Input for this task: Begin

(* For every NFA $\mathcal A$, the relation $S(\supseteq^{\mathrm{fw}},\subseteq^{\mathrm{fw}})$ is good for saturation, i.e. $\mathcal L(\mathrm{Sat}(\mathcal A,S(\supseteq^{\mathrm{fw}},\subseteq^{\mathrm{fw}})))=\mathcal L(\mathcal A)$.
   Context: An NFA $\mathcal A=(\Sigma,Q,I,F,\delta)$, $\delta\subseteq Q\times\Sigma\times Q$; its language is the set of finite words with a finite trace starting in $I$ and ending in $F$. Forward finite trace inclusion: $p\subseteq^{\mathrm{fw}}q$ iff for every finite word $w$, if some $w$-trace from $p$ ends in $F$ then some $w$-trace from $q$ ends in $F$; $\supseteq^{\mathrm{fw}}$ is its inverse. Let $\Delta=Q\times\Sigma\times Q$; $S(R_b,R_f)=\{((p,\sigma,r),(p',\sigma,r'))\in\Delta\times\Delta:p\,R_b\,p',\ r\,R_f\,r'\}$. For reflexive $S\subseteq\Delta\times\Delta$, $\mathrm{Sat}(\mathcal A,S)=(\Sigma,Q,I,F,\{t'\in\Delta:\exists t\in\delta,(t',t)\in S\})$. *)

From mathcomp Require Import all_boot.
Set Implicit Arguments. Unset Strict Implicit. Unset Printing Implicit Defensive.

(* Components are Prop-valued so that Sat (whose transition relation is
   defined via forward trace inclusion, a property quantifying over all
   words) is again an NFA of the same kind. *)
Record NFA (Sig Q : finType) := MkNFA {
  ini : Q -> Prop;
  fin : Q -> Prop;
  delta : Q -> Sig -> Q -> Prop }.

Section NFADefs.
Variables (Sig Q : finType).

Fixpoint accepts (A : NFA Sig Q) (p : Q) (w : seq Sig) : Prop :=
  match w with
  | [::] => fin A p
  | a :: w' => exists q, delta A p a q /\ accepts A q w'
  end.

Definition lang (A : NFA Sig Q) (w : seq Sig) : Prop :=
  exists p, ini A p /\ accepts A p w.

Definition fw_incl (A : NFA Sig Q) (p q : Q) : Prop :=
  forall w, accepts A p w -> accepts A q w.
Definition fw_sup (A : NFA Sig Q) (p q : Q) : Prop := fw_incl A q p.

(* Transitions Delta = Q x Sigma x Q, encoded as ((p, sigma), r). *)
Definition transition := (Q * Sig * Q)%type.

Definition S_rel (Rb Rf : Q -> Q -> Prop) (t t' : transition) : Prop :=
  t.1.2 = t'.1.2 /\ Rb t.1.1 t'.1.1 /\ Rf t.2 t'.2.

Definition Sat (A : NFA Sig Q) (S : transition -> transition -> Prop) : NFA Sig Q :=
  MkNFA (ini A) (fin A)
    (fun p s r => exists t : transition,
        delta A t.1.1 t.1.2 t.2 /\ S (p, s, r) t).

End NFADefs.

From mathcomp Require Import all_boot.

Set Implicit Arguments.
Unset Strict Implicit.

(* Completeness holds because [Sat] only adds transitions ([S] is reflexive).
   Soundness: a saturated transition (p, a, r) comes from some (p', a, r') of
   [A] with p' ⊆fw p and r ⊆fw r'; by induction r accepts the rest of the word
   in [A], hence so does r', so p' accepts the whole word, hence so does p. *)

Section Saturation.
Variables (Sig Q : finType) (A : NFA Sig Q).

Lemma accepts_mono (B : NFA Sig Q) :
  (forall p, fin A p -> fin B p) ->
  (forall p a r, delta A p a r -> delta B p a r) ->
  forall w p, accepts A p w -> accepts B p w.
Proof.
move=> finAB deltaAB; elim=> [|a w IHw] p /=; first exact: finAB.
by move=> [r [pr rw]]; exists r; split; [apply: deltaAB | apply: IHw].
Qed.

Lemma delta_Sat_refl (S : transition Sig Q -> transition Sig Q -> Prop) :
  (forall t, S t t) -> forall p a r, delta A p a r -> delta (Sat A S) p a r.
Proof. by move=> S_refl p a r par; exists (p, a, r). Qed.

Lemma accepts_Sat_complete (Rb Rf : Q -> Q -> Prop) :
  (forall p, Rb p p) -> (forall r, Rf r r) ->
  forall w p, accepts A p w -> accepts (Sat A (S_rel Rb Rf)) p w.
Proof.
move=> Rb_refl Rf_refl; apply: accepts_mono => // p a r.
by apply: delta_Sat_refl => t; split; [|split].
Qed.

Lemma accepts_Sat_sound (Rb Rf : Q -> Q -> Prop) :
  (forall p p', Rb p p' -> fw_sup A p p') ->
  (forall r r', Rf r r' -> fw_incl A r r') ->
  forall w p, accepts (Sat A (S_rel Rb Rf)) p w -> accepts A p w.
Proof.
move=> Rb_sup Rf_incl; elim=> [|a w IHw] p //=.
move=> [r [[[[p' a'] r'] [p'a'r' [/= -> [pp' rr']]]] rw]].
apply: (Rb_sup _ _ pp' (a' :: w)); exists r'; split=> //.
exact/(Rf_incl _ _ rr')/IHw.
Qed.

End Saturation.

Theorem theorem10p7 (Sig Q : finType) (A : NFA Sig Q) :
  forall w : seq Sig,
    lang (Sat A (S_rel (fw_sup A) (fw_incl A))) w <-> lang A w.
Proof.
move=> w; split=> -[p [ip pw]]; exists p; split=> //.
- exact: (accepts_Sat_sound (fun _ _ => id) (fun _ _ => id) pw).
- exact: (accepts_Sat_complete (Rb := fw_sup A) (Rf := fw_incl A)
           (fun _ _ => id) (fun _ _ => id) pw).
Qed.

Input for this task: End
Input for this task: Begin

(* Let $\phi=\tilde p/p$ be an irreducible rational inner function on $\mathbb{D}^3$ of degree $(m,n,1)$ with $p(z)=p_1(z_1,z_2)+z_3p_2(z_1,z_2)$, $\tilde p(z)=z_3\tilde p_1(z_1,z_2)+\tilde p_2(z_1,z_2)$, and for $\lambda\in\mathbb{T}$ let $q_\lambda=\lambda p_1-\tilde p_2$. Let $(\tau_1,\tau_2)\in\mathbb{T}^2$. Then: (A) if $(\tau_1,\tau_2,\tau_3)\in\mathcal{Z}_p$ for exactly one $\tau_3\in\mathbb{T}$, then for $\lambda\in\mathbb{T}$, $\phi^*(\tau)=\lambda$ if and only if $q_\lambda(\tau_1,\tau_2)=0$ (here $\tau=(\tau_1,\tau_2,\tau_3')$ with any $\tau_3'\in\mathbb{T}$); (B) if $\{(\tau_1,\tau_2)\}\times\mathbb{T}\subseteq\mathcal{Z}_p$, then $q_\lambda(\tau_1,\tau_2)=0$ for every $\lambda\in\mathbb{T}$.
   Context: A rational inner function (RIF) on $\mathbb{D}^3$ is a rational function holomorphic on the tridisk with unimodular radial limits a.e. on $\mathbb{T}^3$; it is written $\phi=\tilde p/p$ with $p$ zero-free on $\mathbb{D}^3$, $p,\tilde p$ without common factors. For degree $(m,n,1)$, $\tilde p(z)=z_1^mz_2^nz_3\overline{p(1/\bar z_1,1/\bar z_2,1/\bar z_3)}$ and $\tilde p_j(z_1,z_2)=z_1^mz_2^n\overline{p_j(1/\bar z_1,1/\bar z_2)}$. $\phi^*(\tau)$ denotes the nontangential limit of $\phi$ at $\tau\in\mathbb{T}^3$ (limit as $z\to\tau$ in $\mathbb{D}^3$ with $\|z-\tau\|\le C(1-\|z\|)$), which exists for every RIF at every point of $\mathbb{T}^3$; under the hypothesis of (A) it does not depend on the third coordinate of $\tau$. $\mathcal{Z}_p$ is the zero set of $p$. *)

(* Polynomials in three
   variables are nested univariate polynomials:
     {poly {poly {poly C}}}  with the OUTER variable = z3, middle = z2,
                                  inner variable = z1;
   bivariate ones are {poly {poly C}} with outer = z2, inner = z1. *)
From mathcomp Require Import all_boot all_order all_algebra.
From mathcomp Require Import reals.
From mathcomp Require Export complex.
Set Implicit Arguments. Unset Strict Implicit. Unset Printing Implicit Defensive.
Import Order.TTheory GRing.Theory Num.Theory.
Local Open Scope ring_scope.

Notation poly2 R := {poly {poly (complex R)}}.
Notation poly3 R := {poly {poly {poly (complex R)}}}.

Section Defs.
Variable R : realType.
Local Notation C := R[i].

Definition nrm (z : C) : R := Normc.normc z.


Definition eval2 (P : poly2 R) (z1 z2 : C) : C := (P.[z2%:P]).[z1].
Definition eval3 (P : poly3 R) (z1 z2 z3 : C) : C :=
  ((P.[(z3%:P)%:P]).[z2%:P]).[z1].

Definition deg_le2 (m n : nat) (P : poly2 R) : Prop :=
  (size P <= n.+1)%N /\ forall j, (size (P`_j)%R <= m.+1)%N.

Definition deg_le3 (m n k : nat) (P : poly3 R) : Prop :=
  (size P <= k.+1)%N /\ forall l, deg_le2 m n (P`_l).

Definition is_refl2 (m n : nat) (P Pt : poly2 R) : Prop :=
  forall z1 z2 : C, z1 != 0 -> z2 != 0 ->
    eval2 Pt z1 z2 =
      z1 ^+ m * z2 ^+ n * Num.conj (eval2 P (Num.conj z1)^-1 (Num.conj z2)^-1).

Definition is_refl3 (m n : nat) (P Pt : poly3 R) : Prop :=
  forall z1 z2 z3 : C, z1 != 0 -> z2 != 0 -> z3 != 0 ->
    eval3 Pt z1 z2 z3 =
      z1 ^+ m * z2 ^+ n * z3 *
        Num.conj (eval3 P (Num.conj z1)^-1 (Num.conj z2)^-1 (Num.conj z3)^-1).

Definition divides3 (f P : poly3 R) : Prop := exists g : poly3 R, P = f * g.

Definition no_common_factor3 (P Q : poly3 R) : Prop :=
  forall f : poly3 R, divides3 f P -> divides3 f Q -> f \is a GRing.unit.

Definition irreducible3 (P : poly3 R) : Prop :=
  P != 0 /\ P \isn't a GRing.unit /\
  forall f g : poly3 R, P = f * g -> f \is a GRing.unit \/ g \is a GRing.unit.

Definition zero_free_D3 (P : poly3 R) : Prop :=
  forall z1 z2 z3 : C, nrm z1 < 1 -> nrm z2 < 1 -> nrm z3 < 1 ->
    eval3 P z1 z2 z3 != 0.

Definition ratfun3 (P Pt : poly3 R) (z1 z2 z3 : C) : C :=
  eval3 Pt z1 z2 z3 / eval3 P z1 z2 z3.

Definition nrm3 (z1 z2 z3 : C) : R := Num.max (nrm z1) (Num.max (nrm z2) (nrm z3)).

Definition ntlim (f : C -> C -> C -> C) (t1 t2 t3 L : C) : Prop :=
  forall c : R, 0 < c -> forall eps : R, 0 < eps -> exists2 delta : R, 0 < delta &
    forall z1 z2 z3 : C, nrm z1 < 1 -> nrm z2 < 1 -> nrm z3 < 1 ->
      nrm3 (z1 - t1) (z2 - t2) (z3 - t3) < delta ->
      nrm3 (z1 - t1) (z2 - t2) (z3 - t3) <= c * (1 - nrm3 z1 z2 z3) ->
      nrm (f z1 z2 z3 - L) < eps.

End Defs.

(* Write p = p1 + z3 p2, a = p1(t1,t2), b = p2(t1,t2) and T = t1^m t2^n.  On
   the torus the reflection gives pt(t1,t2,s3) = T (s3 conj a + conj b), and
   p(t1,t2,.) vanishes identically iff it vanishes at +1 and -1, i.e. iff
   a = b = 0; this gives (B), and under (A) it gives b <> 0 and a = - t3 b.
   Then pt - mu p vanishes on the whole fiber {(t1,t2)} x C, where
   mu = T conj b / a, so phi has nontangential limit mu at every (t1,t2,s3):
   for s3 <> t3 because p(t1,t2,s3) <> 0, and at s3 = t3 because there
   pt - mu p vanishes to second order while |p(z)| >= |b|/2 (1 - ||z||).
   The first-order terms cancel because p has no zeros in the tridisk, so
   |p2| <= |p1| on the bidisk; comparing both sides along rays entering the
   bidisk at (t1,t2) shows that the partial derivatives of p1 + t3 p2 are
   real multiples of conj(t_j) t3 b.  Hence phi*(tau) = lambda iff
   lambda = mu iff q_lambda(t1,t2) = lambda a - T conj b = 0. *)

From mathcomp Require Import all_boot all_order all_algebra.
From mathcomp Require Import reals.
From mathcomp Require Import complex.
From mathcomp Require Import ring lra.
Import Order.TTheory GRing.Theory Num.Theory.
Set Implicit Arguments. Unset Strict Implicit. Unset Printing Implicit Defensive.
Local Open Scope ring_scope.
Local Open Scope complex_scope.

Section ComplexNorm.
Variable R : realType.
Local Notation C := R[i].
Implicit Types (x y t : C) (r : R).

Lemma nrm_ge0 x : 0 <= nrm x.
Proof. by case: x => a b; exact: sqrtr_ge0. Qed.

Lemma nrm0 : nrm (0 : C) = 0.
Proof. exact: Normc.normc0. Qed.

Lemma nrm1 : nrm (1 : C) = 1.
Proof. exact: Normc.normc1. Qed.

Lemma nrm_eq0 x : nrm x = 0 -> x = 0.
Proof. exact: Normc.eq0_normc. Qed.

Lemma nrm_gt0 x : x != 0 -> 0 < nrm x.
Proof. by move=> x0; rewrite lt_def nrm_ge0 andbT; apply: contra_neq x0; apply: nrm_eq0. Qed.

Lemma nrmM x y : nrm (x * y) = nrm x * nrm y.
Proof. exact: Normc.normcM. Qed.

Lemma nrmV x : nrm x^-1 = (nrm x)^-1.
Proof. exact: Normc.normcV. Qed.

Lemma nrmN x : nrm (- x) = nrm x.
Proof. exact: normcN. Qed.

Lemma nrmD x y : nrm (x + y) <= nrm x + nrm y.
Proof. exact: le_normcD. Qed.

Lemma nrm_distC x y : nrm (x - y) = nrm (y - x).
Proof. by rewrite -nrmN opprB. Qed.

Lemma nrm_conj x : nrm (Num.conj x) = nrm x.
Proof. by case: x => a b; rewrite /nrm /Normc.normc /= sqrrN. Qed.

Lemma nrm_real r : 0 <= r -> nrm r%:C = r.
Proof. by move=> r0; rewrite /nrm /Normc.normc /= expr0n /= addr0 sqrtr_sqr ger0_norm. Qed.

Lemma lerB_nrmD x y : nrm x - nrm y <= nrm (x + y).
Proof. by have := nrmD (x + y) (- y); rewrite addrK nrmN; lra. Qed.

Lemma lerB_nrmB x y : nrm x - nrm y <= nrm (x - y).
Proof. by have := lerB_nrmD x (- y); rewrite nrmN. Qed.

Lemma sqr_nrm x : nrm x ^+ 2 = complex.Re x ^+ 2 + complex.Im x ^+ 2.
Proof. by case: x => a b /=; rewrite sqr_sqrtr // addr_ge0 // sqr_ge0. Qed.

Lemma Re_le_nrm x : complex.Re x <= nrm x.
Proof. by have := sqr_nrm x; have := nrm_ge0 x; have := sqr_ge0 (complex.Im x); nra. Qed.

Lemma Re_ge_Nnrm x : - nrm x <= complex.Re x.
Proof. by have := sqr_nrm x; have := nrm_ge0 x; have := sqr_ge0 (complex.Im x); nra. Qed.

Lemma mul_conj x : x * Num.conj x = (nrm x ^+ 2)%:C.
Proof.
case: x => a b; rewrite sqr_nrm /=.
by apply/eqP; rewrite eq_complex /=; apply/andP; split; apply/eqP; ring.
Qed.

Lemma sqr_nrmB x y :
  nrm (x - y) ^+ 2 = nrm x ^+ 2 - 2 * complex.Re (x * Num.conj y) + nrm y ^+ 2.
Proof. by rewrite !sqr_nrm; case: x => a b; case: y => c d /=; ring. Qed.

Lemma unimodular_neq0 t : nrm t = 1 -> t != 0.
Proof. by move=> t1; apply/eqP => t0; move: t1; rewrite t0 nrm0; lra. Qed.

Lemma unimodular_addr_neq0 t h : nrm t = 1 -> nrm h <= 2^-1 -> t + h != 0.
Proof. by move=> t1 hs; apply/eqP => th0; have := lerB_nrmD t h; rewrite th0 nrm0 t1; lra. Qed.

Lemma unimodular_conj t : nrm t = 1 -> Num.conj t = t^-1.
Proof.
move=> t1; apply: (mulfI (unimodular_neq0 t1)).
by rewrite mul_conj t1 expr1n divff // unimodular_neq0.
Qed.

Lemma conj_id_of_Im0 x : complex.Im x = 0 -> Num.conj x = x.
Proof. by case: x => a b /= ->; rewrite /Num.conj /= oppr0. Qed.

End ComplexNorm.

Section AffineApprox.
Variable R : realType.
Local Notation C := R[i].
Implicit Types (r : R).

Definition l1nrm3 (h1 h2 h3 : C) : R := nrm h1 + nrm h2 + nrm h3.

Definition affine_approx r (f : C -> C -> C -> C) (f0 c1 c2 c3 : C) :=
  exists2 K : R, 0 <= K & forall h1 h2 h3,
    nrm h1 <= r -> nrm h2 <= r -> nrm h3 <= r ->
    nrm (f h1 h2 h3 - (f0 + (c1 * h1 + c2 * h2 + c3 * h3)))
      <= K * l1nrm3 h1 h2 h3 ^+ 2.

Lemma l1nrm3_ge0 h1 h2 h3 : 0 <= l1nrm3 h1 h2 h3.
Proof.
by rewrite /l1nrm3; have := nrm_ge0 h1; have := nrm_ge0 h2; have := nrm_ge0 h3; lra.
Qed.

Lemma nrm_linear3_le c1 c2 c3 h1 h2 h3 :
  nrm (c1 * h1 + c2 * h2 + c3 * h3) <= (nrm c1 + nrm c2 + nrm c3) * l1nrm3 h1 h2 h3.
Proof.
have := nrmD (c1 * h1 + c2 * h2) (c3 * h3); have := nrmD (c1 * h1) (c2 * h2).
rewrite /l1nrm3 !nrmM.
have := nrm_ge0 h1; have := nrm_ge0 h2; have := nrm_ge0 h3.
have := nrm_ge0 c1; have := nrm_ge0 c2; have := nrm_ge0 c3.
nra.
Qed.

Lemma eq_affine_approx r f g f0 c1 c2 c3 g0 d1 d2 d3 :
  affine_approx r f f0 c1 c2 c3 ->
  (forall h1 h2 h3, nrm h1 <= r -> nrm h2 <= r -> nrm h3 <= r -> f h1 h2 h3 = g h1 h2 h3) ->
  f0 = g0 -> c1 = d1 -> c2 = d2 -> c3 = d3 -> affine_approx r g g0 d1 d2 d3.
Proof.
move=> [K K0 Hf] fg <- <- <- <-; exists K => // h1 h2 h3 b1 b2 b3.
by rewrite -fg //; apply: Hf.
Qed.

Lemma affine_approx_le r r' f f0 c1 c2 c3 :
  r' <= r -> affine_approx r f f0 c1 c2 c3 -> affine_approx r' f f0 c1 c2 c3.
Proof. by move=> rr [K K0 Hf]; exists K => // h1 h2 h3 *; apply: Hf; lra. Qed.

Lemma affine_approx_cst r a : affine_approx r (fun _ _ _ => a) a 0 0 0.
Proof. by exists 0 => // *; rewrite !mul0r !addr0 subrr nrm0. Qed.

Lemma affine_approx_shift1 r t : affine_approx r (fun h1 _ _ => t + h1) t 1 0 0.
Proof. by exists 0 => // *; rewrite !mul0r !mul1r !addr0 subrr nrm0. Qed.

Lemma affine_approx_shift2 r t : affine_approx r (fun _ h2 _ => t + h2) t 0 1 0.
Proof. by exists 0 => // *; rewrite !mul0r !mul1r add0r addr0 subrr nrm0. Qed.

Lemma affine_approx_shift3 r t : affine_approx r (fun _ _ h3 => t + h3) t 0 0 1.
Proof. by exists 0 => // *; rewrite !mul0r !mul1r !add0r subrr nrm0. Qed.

Input for this task: End
Input for this task: Begin

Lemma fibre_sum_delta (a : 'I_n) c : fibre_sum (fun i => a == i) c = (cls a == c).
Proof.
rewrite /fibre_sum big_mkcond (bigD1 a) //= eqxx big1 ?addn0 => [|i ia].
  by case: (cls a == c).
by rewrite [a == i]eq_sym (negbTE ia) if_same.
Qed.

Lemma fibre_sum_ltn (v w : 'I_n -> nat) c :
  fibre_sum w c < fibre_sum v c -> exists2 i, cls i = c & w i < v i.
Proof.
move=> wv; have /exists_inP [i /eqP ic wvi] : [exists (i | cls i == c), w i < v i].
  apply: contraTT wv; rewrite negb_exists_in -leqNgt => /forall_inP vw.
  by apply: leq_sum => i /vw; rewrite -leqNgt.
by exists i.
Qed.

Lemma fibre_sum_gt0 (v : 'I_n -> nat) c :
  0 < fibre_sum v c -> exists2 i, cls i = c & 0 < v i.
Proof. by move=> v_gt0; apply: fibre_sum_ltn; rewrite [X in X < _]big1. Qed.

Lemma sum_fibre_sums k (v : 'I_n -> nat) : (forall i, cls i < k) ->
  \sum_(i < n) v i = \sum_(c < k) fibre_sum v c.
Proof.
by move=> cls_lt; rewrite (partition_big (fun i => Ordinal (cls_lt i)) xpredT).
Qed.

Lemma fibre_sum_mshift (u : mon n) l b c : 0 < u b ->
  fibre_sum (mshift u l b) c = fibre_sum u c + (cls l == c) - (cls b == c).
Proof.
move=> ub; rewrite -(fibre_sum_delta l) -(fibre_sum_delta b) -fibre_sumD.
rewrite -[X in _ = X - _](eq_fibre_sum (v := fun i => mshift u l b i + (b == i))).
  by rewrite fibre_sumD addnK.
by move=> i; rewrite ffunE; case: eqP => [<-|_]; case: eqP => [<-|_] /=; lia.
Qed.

Input for this task: End

### What to work on
Please give back, exactly as it stands above, the stretch from the line with "Definition Sat (A" through the line with "(forall t, S", and no line outside it.

### Response below
Definition Sat (A : NFA Sig Q) (S : transition -> transition -> Prop) : NFA Sig Q :=
  MkNFA (ini A) (fin A)
    (fun p s r => exists t : transition,
        delta A t.1.1 t.1.2 t.2 /\ S (p, s, r) t).

End NFADefs.

From mathcomp Require Import all_boot.

Set Implicit Arguments.
Unset Strict Implicit.

(* Completeness holds because [Sat] only adds transitions ([S] is reflexive).
   Soundness: a saturated transition (p, a, r) comes from some (p', a, r') of
   [A] with p' ⊆fw p and r ⊆fw r'; by induction r accepts the rest of the word
   in [A], hence so does r', so p' accepts the whole word, hence so does p. *)

Section Saturation.
Variables (Sig Q : finType) (A : NFA Sig Q).

Lemma accepts_mono (B : NFA Sig Q) :
  (forall p, fin A p -> fin B p) ->
  (forall p a r, delta A p a r -> delta B p a r) ->
  forall w p, accepts A p w -> accepts B p w.
Proof.
move=> finAB deltaAB; elim=> [|a w IHw] p /=; first exact: finAB.
by move=> [r [pr rw]]; exists r; split; [apply: deltaAB | apply: IHw].
Qed.

Lemma delta_Sat_refl (S : transition Sig Q -> transition Sig Q -> Prop) :
  (forall t, S t t) -> forall p a r, delta A p a r -> delta (Sat A S) p a r.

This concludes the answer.